I don't know anything about the kit but years ago I built my own pannel saw. This looks like a good product I'd have bought it back then.
MIKE


----------



## lizardhead (Aug 15, 2010)

Rock: That is so funny, I can see a mental picture of your girls with their fingers in their ears, Yukky, Dad


----------



## JulianLech (Jan 13, 2011)

First time I've seen this panel saw but it looks like a good product. The only problem I see with panel saws is that they take up a lot of space. I typically cut plywood sheets with a straight edge and circular saw and then take it to the table saw for final cuts. And with an outfeed table I can cut 8 ft long pieces by myself with no problem. Unless you plan on using the panel saw often you might be better off taking your money and investing in a bigger table saw.


----------



## Loren (May 30, 2008)

I recommend vertical saws over large table saws.
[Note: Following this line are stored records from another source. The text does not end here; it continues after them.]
(* Every pre-Hilbert $*$-category is quasi-abelian, i.e. it is additive, every morphism has a kernel and a cokernel, normal monomorphisms are stable under pushout along arbitrary morphisms, and normal epimorphisms are stable under pullback along arbitrary morphisms.
   Context: A $*$-category is a category equipped with a choice of morphism $f^*\colon Y\to X$ for each morphism $f\colon X\to Y$ such that $1^*=1$, $(gf)^*=f^*g^*$ and $(f^* )^*=f$. A morphism $f$ is an isometry if $f^*f=1$. A kernel of $f$ is an equaliser of $f$ and the zero morphism; a cokernel is dual; a normal monomorphism (resp. epimorphism) is a morphism that is a kernel (resp. cokernel) of some morphism. An orthonormal biproduct of $X_1,X_2$ is a biproduct $(X,s_1,r_1,s_2,r_2)$ with $r_k=s_k^*$. A pre-Hilbert $*$-category is a $*$-category in which (R1) there is a zero object, (R2) every pair of objects has an orthonormal biproduct, (R3) every morphism has an isometric kernel, and (R4) every diagonal $\Delta\colon X\to X\oplus X$ is a normal monomorphism. A category is additive if it has finite biproducts and the induced enrichment in commutative monoids is an enrichment in abelian groups. *)

Set Implicit Arguments.
Unset Strict Implicit.

Record Category := {
  ob :> Type;
  hom : ob -> ob -> Type;
  idm : forall X, hom X X;
  comp : forall X Y Z, hom Y Z -> hom X Y -> hom X Z;
  comp_assoc : forall X Y Z W (f : hom X Y) (g : hom Y Z) (h : hom Z W),
      comp h (comp g f) = comp (comp h g) f;
  comp_id_l : forall X Y (f : hom X Y), comp (idm Y) f = f;
  comp_id_r : forall X Y (f : hom X Y), comp f (idm X) = f
}.

Arguments hom {c} _ _.
Arguments idm {c} _.
Arguments comp {c X Y Z} _ _.

Notation "g ∘ f" := (comp g f) (at level 40, left associativity).

Section CatDefs.
Variable C : Category.

Definition is_initial (Z : C) : Prop :=
  forall X : C, exists f : hom Z X, forall g : hom Z X, g = f.
Definition is_terminal (Z : C) : Prop :=
  forall X : C, exists f : hom X Z, forall g : hom X Z, g = f.
Definition is_zero_object (Z : C) : Prop := is_initial Z /\ is_terminal Z.
Definition has_zero_object : Prop := exists Z : C, is_zero_object Z.

Definition is_zero_mor {X Y : C} (f : hom X Y) : Prop :=
  exists (Z : C) (a : hom X Z) (b : hom Z Y), is_zero_object Z /\ f = b ∘ a.

Definition is_equalizer {E X Y : C} (f g : hom X Y) (e : hom E X) : Prop :=
  f ∘ e = g ∘ e /\
  forall (W : C) (h : hom W X), f ∘ h = g ∘ h ->
    exists u : hom W E, e ∘ u = h /\ forall u' : hom W E, e ∘ u' = h -> u' = u.
Definition is_coequalizer {X Y Q : C} (f g : hom X Y) (q : hom Y Q) : Prop :=
  q ∘ f = q ∘ g /\
  forall (W : C) (h : hom Y W), h ∘ f = h ∘ g ->
    exists u : hom Q W, u ∘ q = h /\ forall u' : hom Q W, u' ∘ q = h -> u' = u.

Definition is_kernel {K X Y : C} (f : hom X Y) (k : hom K X) : Prop :=
  exists z : hom X Y, is_zero_mor z /\ is_equalizer f z k.
Definition is_cokernel {X Y Q : C} (f : hom X Y) (q : hom Y Q) : Prop :=
  exists z : hom X Y, is_zero_mor z /\ is_coequalizer f z q.
Definition has_kernel {X Y : C} (f : hom X Y) : Prop :=
  exists (K : C) (k : hom K X), is_kernel f k.
Definition has_cokernel {X Y : C} (f : hom X Y) : Prop :=
  exists (Q : C) (q : hom Y Q), is_cokernel f q.

Definition normal_mono {K X : C} (m : hom K X) : Prop :=
  exists (Y : C) (f : hom X Y), is_kernel f m.
Definition normal_epi {Y Q : C} (e : hom Y Q) : Prop :=
  exists (X : C) (f : hom X Y), is_cokernel f e.

Definition is_biproduct (X1 X2 B : C)
    (s1 : hom X1 B) (r1 : hom B X1) (s2 : hom X2 B) (r2 : hom B X2) : Prop :=
  r1 ∘ s1 = idm X1 /\ r2 ∘ s2 = idm X2 /\
  is_zero_mor (r2 ∘ s1) /\ is_zero_mor (r1 ∘ s2) /\
  (forall (W : C) (f1 : hom W X1) (f2 : hom W X2),
     exists u : hom W B, (r1 ∘ u = f1 /\ r2 ∘ u = f2) /\
       forall u' : hom W B, r1 ∘ u' = f1 -> r2 ∘ u' = f2 -> u' = u) /\
  (forall (W : C) (g1 : hom X1 W) (g2 : hom X2 W),
     exists u : hom B W, (u ∘ s1 = g1 /\ u ∘ s2 = g2) /\
       forall u' : hom B W, u' ∘ s1 = g1 -> u' ∘ s2 = g2 -> u' = u).

Definition has_biproducts : Prop :=
  forall X1 X2 : C, exists (B : C) (s1 : hom X1 B) (r1 : hom B X1)
    (s2 : hom X2 B) (r2 : hom B X2), is_biproduct s1 r1 s2 r2.

(* h = f + g in the induced commutative-monoid enrichment:
   h = codiag ∘ <f, g> through a biproduct Y ⊕ Y *)
Definition is_sum {X Y : C} (f g h : hom X Y) : Prop :=
  exists (B : C) (s1 : hom Y B) (r1 : hom B Y) (s2 : hom Y B) (r2 : hom B Y),
    is_biproduct s1 r1 s2 r2 /\
    exists (d : hom X B) (c : hom B Y),
      r1 ∘ d = f /\ r2 ∘ d = g /\ c ∘ s1 = idm Y /\ c ∘ s2 = idm Y /\
      h = c ∘ d.

(* additive: finite biproducts (zero object + binary biproducts) and every
   morphism has an additive inverse in the induced enrichment *)
Definition additive : Prop :=
  has_zero_object /\ has_biproducts /\
  forall (X Y : C) (f : hom X Y),
    exists (g h : hom X Y), is_sum f g h /\ is_zero_mor h.

(*      f              *)
(*   K ---> Y          *)
(*  m|      |m'        *)
(*   X ---> P          *)
(*      f'             *)
Definition is_pushout {K X Y P : C} (m : hom K X) (f : hom K Y)
    (m' : hom Y P) (f' : hom X P) : Prop :=
  m' ∘ f = f' ∘ m /\
  forall (W : C) (a : hom Y W) (b : hom X W), a ∘ f = b ∘ m ->
    exists u : hom P W, (u ∘ m' = a /\ u ∘ f' = b) /\
      forall u' : hom P W, u' ∘ m' = a -> u' ∘ f' = b -> u' = u.
(*      f'             *)
(*   P ---> X          *)
(*  e'|     |e         *)
(*   Y ---> Q          *)
(*      f              *)
Definition is_pullback {X Y Q P : C} (e : hom X Q) (f : hom Y Q)
    (e' : hom P Y) (f' : hom P X) : Prop :=
  f ∘ e' = e ∘ f' /\
  forall (W : C) (a : hom W Y) (b : hom W X), f ∘ a = e ∘ b ->
    exists u : hom W P, (e' ∘ u = a /\ f' ∘ u = b) /\
      forall u' : hom W P, e' ∘ u' = a -> f' ∘ u' = b -> u' = u.

Definition quasi_abelian : Prop :=
  additive /\
  (forall (X Y : C) (f : hom X Y), has_kernel f) /\
  (forall (X Y : C) (f : hom X Y), has_cokernel f) /\
  (forall (K X Y P : C) (m : hom K X) (f : hom K Y) (m' : hom Y P) (f' : hom X P),
      normal_mono m -> is_pushout m f m' f' -> normal_mono m') /\
  (forall (X Y Q P : C) (e : hom X Q) (f : hom Y Q) (e' : hom P Y) (f' : hom P X),
      normal_epi e -> is_pullback e f e' f' -> normal_epi e').

End CatDefs.

Record StarCategory := {
  scat :> Category;
  star : forall X Y : scat, hom X Y -> hom Y X;
  star_id : forall X : scat, star (idm X) = idm X;
  star_comp : forall (X Y Z : scat) (f : hom X Y) (g : hom Y Z),
      star (g ∘ f) = star f ∘ star g;
  star_star : forall (X Y : scat) (f : hom X Y), star (star f) = f
}.

Arguments star {s X Y} _.

Section StarDefs.
Variable C : StarCategory.

Definition isometry {X Y : C} (f : hom X Y) : Prop := star f ∘ f = idm X.

Definition is_orthonormal_biproduct (X1 X2 B : C)
    (s1 : hom X1 B) (r1 : hom B X1) (s2 : hom X2 B) (r2 : hom B X2) : Prop :=
  is_biproduct s1 r1 s2 r2 /\ r1 = star s1 /\ r2 = star s2.

Definition preHilbert : Prop :=
  (* (R1) *) has_zero_object C /\
  (* (R2) *) (forall X1 X2 : C, exists (B : C) (s1 : hom X1 B) (r1 : hom B X1)
                (s2 : hom X2 B) (r2 : hom B X2),
                is_orthonormal_biproduct s1 r1 s2 r2) /\
  (* (R3) *) (forall (X Y : C) (f : hom X Y),
                exists (K : C) (k : hom K X), is_kernel f k /\ isometry k) /\
  (* (R4) *) (forall (X B : C) (s1 : hom X B) (r1 : hom B X) (s2 : hom X B)
                (r2 : hom B X) (d : hom X B),
                is_orthonormal_biproduct s1 r1 s2 r2 ->
                r1 ∘ d = idm X -> r2 ∘ d = idm X -> normal_mono d).
End StarDefs.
They are
more reliably accurate due to gravity, though setting them
up to cut square requires some insight. They don't consume
so much floor space and allow one to forgo elaborate outfeed
setups used when cutting large panels on the table saw.

One of the problems with lower-end panel saws is that they
often lack a shoe that rides on the wood. Thus tearout 
happens and you get one "good" side and one "bad" side. 
When a third axis is added to allow the saw shoe to plunge
and ride on the work, tear-out is controlled. Some industrial
saws have scoring blades.

Anyway, you won't get finished edges when crosscutting with
a panel saw like the one in the video. Ripping with the grain
of surface veneers works better. You will however get 
squarer crosscuts of full sheets of ply and find ripping full
sheets is made much easier. Cut quality can be improved
by laying masking tape over the cut line prior to cutting.


----------



## dbhost (Jul 20, 2009)

I have the newer version of your saw, a Ryobi BT3100, and even with the wide table kit, I hate cutting full sheets on it. I would rather move the blade through the wood, not the wood through the blade… So I use a cutting guide and circular saw to cut down my sheet goods… With careful measurement, I get clean accurate cuts, without the added risk and hernias of cutting on the TS…


----------



## bluekingfisher (Mar 30, 2010)

It looks a great bit of kit, but, so it doesn't cost $3000, so what does it cost?


----------



## joebloe (Feb 13, 2012)

I just looked at the web site,looks like a good set up.But you will end up spending about $500.00 total for the set up plus a saw.If you are going to be using it a lot I can see getting it. But if your not I would just use a pair of saw horses.2-3 2/4/8's,a good straight edge, a couple of C clamps and a circular saw,and keep the $500.00 in your pocket.I have built a lot of cabinets this way.Also works great for the router.


----------



## Tornado (Jun 17, 2009)

Have you heard of a company called Safety Speed Manufacturing? They manufacture a home hobbyist model called the PRO2K Vertical Panel Saw that sells for $899. It is all set up for you including the motor and they guarantee an accuracy of 1/32" out of the box. They are also offering free lower extensions for a limited time. Here is a link to their website www.panelpro.com. My neighbor has one of these and uses it all the time and loves it!


----------



## North40 (Oct 17, 2007)

Just a suggestion of a completely different option you may not have considered … most large cabinet shops have automated systems for cutting sheet goods. You might find one that would be willing to cut the parts for your cases, and it might be less than the cost of a panel saw.


----------



## HalDougherty (Jul 15, 2009)

I've got some 1" hardened tubing that I use with some linear bearings for jigs now. The manual on the website includes plans to build the frame. I've got a bunch of pine 2X4's cut and the rails, bearings and 1/2" plastic sheeting for the saw & router base… Looks like a new project. I have a yard barn to build and a panel saw would do the cuts I need to make and keep them straight without buying a sliding miter saw…


----------



## TheRock (Mar 22, 2012)

Thanks for all the input. My time is limited enough that I would much prefer to have a panel saw over using a circular saw, saw horses and a straight edge of some kind. I really like the fact that you can swap the saw for the router so quickly. It looks like a really elegant design. It can take me up to 15 min. (or more) to get the datto in my table saw. (It is a real pain because the access is so limited.)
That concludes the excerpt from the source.